The Mudcat Café TM
Thread #50950   Message #774818
Posted By: Sibelius
31-Aug-02 - 11:07 AM
Thread Name: Guitar bridge-pins
Subject: RE: Guitar bridge-pins
Interesting points, Murray. There have been a couple of occasions when I've been in too much of a hurry to get re-strung and have done the job carelessly - dropped the string end in the hole and jammed the pin in without making sure the ball-end was up under the plate. The pin holds the string in place for the time being but not, as you say, when you start putting it under tension.

I'm not sure I follow the reasoning that slotted pins = manufacturer's short cuts. I thought all plastic pins were made with slots (I know the wooden and brass ones aren't), so if that's what the maker chooses to use, you're going to have slots in your pins, regardless of the build quality.

Just spreading the discussion a little, if I may, I've always thought the pin bridge a bit primitive anyway.

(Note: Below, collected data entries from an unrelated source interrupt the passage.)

(* Let $R>0$, let $I\subset\mathbb{R}$ be an open interval and let $x,y\colon I\to\mathbb{R}$ be continuously differentiable with $r(t):=\sqrt{x(t)^2+y(t)^2}>R$ and $|x(t)-t|<r(t)-R$ for all $t\in I$. Put $g(t)=\dfrac{x(t)-t}{r(t)-R}$. Then for each $t\in I$ the compatibility condition $$\frac{d}{dt}\left(y(t)+\sqrt{\big(r(t)-R\big)^2-(x(t)-t)^2}\right)=\frac{x(t)-t}{\sqrt{\big(r(t)-R\big)^2-(x(t)-t)^2}}$$ holds if and only if $$\left(g(t)-\frac{x(t)}{r(t)}\right)x'(t)=\left(\sqrt{1-g(t)^2}+\frac{y(t)}{r(t)}\right)y'(t).$$
   Context: In the paper this is applied to the equidistant parameterization $x,y$ of a circle of radius $R$ centered at the origin and the epigraph of a positive, twice continuously differentiable convex function $f$, for which $f(t)=y(t)+\sqrt{(r(t)-R)^2-(x(t)-t)^2}$ and $f'(t)=(x(t)-t)/\sqrt{(r(t)-R)^2-(x(t)-t)^2}$; the compatibility condition expresses that the derivative of the first expression equals the second. *)

From Stdlib Require Import Reals.
From Coquelicot Require Import Coquelicot.
Open Scope R_scope.

Definition in_open_interval (a b : Rbar) (t : R) : Prop :=
  Rbar_lt a t /\ Rbar_lt t b.

Definition C1_on (a b : Rbar) (f df : R -> R) : Prop :=
  forall t, in_open_interval a b t -> is_derive f t (df t) /\ continuous df t.

(* Write c = r - R, w = x - t and q = sqrt (c^2 - w^2) > 0.  The chain rule
   gives (y + q)' = y' + (c r' - w (x' - 1)) / q with r' = (x x' + y y') / r,
   so the compatibility condition (y + q)' = w / q says q y' + c r' = w x'.
   Since sqrt (1 - g^2) = q / c, dividing this balance by c is exactly the
   stated relation between x' and y'. *)

From Stdlib Require Import Reals Lra.
From Coquelicot Require Import Coquelicot.
Open Scope R_scope.

Lemma is_derive_sqrt_sum_sq (f h : R -> R) (t df dh : R) :
  is_derive f t df -> is_derive h t dh -> 0 < f t ^ 2 + h t ^ 2 ->
  is_derive (fun s => sqrt (f s ^ 2 + h s ^ 2)) t
    ((f t * df + h t * dh) / sqrt (f t ^ 2 + h t ^ 2)).
Proof.
  intros Df Dh Hpos.
  assert (Hsqrt : 0 < sqrt (f t ^ 2 + h t ^ 2)) by now apply sqrt_lt_R0.
  auto_derive.
  - repeat split; try (eexists; eassumption). exact Hpos.
  - change (fun s => f s) with f; change (fun s => h s) with h.
    rewrite (is_derive_unique _ _ _ Df), (is_derive_unique _ _ _ Dh).
    change (f t * (f t * 1) + h t * (h t * 1)) with (f t ^ 2 + h t ^ 2).
    field; lra.
Qed.

Lemma is_derive_sqrt_diff_sq (f h : R -> R) (t df dh : R) :
  is_derive f t df -> is_derive h t dh -> 0 < f t ^ 2 - h t ^ 2 ->
  is_derive (fun s => sqrt (f s ^ 2 - h s ^ 2)) t
    ((f t * df - h t * dh) / sqrt (f t ^ 2 - h t ^ 2)).
Proof.
  intros Df Dh Hpos.
  assert (Hsqrt : 0 < sqrt (f t ^ 2 - h t ^ 2)) by now apply sqrt_lt_R0.
  auto_derive.
  - repeat split; try (eexists; eassumption). exact Hpos.
  - change (fun s => f s) with f; change (fun s => h s) with h.
    rewrite (is_derive_unique _ _ _ Df), (is_derive_unique _ _ _ Dh).
    change (f t * (f t * 1) + - (h t * (h t * 1))) with (f t ^ 2 - h t ^ 2).
    field; lra.
Qed.

Lemma is_derive_iff (f : R -> R) (t l l' : R) :
  is_derive f t l -> (is_derive f t l' <-> l' = l).
Proof.
  intros Df; split; intros H.
  - now rewrite <- (is_derive_unique _ _ _ H), (is_derive_unique _ _ _ Df).
  - now rewrite H.
Qed.

Lemma sqrt_one_minus_sqr_div (w c : R) :
  0 < c -> sqrt (1 - (w / c) ^ 2) = sqrt (c ^ 2 - w ^ 2) / c.
Proof.
  intros Hc.
  replace (1 - (w / c) ^ 2) with ((c ^ 2 - w ^ 2) / c ^ 2) by (field; lra).
  rewrite sqrt_div_alt by (apply pow_lt; exact Hc).
  rewrite sqrt_pow2 by lra.
  reflexivity.
Qed.

Lemma eq_iff_of_sub_div (a b a' b' k : R) :
  k <> 0 -> a - b = (a' - b') / k -> (a = b <-> a' = b').
Proof.
  intros Hk Hsub; split; intros H.
  - assert (Hzero : (a' - b') / k = 0) by (rewrite <- Hsub, H; ring).
    apply Rminus_diag_uniq.
    replace (a' - b') with ((a' - b') / k * k) by (field; exact Hk).
    rewrite Hzero; ring.
  - apply Rminus_diag_uniq. rewrite Hsub, H. unfold Rdiv. ring.
Qed.

Lemma compatibility_iff_balance (q c dr w dx dy : R) :
  q <> 0 ->
  (w / q = dy + (c * dr - w * (dx - 1)) / q <-> q * dy + c * dr = w * dx).
Proof.
  intros Hq. apply (eq_iff_of_sub_div _ _ _ _ (- q)); [lra|].
  field; exact Hq.
Qed.

Lemma velocity_relation_iff_balance (x y r c q w dx dy : R) :
  c <> 0 -> r <> 0 ->
  ((w / c - x / r) * dx = (q / c + y / r) * dy <->
   q * dy + c * ((x * dx + y * dy) / r) = w * dx).
Proof.
  intros Hc Hr. apply (eq_iff_of_sub_div _ _ _ _ (- c)); [lra|].
  field; split; assumption.
Qed.

Theorem theorem6 (R0 : R) (a b : Rbar) (x y dx dy : R -> R) :
  0 < R0 ->
  Rbar_lt a b ->
  C1_on a b x dx ->
  C1_on a b y dy ->
  (forall t, in_open_interval a b t ->
     sqrt (x t ^ 2 + y t ^ 2) > R0 /\
     Rabs (x t - t) < sqrt (x t ^ 2 + y t ^ 2) - R0) ->
  forall t, in_open_interval a b t ->
    let r := fun s => sqrt (x s ^ 2 + y s ^ 2) in
    let g := fun s => (x s - s) / (r s - R0) in
    (is_derive (fun s => y s + sqrt ((r s - R0) ^ 2 - (x s - s) ^ 2)) t
        ((x t - t) / sqrt ((r t - R0) ^ 2 - (x t - t) ^ 2))
     <->
     (g t - x t / r t) * dx t = (sqrt (1 - g t ^ 2) + y t / r t) * dy t).
Proof.
  intros HR0 _ Hx Hy Hc t Ht r g.
  destruct (Hx t Ht) as [Dx _], (Hy t Ht) as [Dy _], (Hc t Ht) as [Hr Hw].
  assert (Hnorm : 0 < x t ^ 2 + y t ^ 2).
  { apply sqrt_lt_0_alt. rewrite sqrt_0. lra. }
  change (sqrt (x t ^ 2 + y t ^ 2)) with (r t) in Hr, Hw.
  assert (Hgap : 0 < (r t - R0) ^ 2 - (x t - t) ^ 2).
  { apply Rabs_def2 in Hw. nra. }
  assert (Hq : 0 < sqrt ((r t - R0) ^ 2 - (x t - t) ^ 2)) by now apply sqrt_lt_R0.
  assert (Dr : is_derive (fun s => r s - R0) t ((x t * dx t + y t * dy t) / r t)).
  { replace ((x t * dx t + y t * dy t) / r t)
      with ((x t * dx t + y t * dy t) / r t - 0) by ring.
    apply (is_derive_minus r (fun _ => R0)); [|exact (is_derive_const R0 t)].
    now apply is_derive_sqrt_sum_sq. }
  assert (Dw : is_derive (fun s => x s - s) t (dx t - 1)).
  { apply (is_derive_minus x (fun s => s)); [exact Dx | exact (is_derive_id t)]. }
  pose proof (is_derive_plus _ _ _ _ _ Dy
                (is_derive_sqrt_diff_sq _ _ _ _ _ Dr Dw Hgap)) as DF.
  eapply iff_trans; [exact (is_derive_iff _ _ _ _ DF)|].
  unfold g; rewrite sqrt_one_minus_sqr_div by lra.
  eapply iff_trans; [apply compatibility_iff_balance; lra|].
  apply iff_sym, velocity_relation_iff_balance; lra.
Qed.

The Ovation style seems neater (no pins to lose, either), where the strings are fed through holes at the back of the bridge plate, parallel with the guitar top, then up out of the top of the plate and over the saddle. Do any other manufacturers use that style or is it an Ovation patent?

Presumably the zero fret stands prouder of the fingerboard than all the others? Otherwise you'd be restricted to having a very low action. Have I got that right?